The exposition pipe, %$%
exposes the variables in the
left hand side, and does not insert anything anywhere unless we specify
it:
R
iris %$%
cor(x = Sepal.Length, y = Sepal.Width)
OUTPUT
[1] -0.1175698
That weird note about function calls
In the table comparing the native pipe (|>
) and the
magrittr pipe (%>%
) it was noted that the latter was
slower than the first, because of “overhead of function call”. Or
conversely that the first was faster because of “syntax transformation”.
What does that actually mean?
The magrittr pipe, as are other operators, is a function.
Conceptually this a %>% b()
, is the same as
%>%(a, b())
Or:
R
data %>%
filter(x > 0) %>%
summarise(mean = mean(y))
become this:
R
`%>%`(`%>%`(data, filter(x > 0)), summarize(mean = mean(y)))
We can count 5 functions, 2 of them the pipe function.

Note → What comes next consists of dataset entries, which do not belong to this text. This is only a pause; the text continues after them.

(* Every linear map A : V -> W between the underlying spaces of two
   non-degenerate quadratic spaces is epsilon of a morphism of T_q: in
   X = V ⊥ W ⊥ W the map v |-> (v, vA, vA) is an isometry since q_W(vA)
   cancels with itself in characteristic 2, and projecting along the middle
   copy of W gives back vA.  Moreover every F2^n is a retract of the
   hyperbolic space H_n = F2^n ⊕ F2^n.  Hence a subfunctor of F o epsilon, or
   a natural transformation F o epsilon -> G o epsilon, is the same thing as
   one between F and G, which gives full faithfulness and preservation of
   simple objects; exactness and tensor products are computed pointwise. *)
From Pilot Require Import Defs.
From mathcomp Require Import all_boot all_order all_algebra.
From mathcomp Require Import ring.
Import GRing.Theory.
Local Open Scope ring_scope.

Lemma addxx_F2 (V : lmodType F2) (x : V) : x + x = 0.
Proof.
by rewrite -[x]scale1r -scalerDl (addrr_pchar2 (pchar_Fp (isT : prime 2))) scale0r.
Qed.

Lemma additive_0 (U W : zmodType) (h : U -> W) :
  (forall x y, h (x + y) = h x + h y) -> h 0 = 0.
Proof. by move=> hD; apply: (@addrI _ (h 0)); rewrite -hD !addr0. Qed.

Section QuadraticForm.
Variables (n : nat) (q : 'rV[F2]_n -> F2).
Hypothesis q_quad : is_quadratic n q.

Lemma bformDl x y z : bform n q (x + y) z = bform n q x z + bform n q y z.
Proof. by have := q_quad.1 1 x y z; rewrite scale1r mul1r. Qed.

Lemma bformDr x y z : bform n q z (x + y) = bform n q z x + bform n q z y.
Proof. by have := q_quad.2 1 x y z; rewrite scale1r mul1r. Qed.

Lemma bform0r z : bform n q z 0 = 0.
Proof. by apply: additive_0 => x y; apply: bformDr. Qed.

Lemma quad0 : q 0 = 0.
Proof. by have := bform0r 0; rewrite /bform addr0 -addrA (@addxx_F2 F2^o) addr0. Qed.

End QuadraticForm.
Arguments bformDl {n q}.
Arguments bform0r {n q}.
Arguments quad0 {n q}.

Lemma proj_gE (W X : qspace) (g : qmor W X) x u :
  (forall w', bform _ (qf W) u w' = bform _ (qf X) x (w' *m qmat g)) ->
  proj_g W X g x = u.
Proof.
move=> hu; rewrite /proj_g; case: pickP => [w /forallP hw | hnone]; last first.
  by have := hnone u; rewrite (introT forallP (fun w' => introT eqP (hu w'))).
apply: (addIr u); rewrite addxx_F2.
apply: (qf_nondeg W) => w'.
by rewrite (bformDl (qf_quad W)) hu (eqP (hw w')) (@addxx_F2 F2^o).
Qed.

Definition osum_form (V W : qspace) (x : 'rV[F2]_(qdim V + qdim W)) : F2 :=
  qf V (lsubmx x) + qf W (rsubmx x).

Lemma bform_osum V W x y : bform _ (osum_form V W) x y =
  bform _ (qf V) (lsubmx x) (lsubmx y) + bform _ (qf W) (rsubmx x) (rsubmx y).
Proof. rewrite /bform /osum_form !linearD /=; ring. Qed.

Lemma osum_quad V W : is_quadratic _ (osum_form V W).
Proof.
split=> a x y z; rewrite !bform_osum !linearP /=
  ?(qf_quad V).1 ?(qf_quad W).1 ?(qf_quad V).2 ?(qf_quad W).2; ring.
Qed.

Lemma osum_nondeg V W : Defs.nondegenerate _ (osum_form V W).
Proof.
move=> v hv.
have hl : lsubmx v = 0.
  apply: (qf_nondeg V) => w; have := hv (row_mx w 0).
  by rewrite bform_osum row_mxKl row_mxKr (bform0r (qf_quad W)) addr0.
have hr : rsubmx v = 0.
  apply: (qf_nondeg W) => w; have := hv (row_mx 0 w).
  by rewrite bform_osum row_mxKl row_mxKr (bform0r (qf_quad V)) add0r.
by rewrite -[v]hsubmxK hl hr row_mx0.
Qed.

The native pipe on the other hand is not a function. The R-parser,
which interprets our code befor actually evaluating it, rewrites code
containg the native pipe. That means, that a |> b()
becomes b(a)
Or that:
R
data |>
filter(x > 0) |>
summarize(mean = mean(y))
become:
R
summarize(filter(data, x > 0), mean = mean(y))
We can count 3 functions in this expression. Intuitively this should be faster. And it is.
What if I want the other pipe?
The keyboard shortcut to get a pipe operator in RStudio is ctrl+shift+m on windows and cmd+shift+m on macos.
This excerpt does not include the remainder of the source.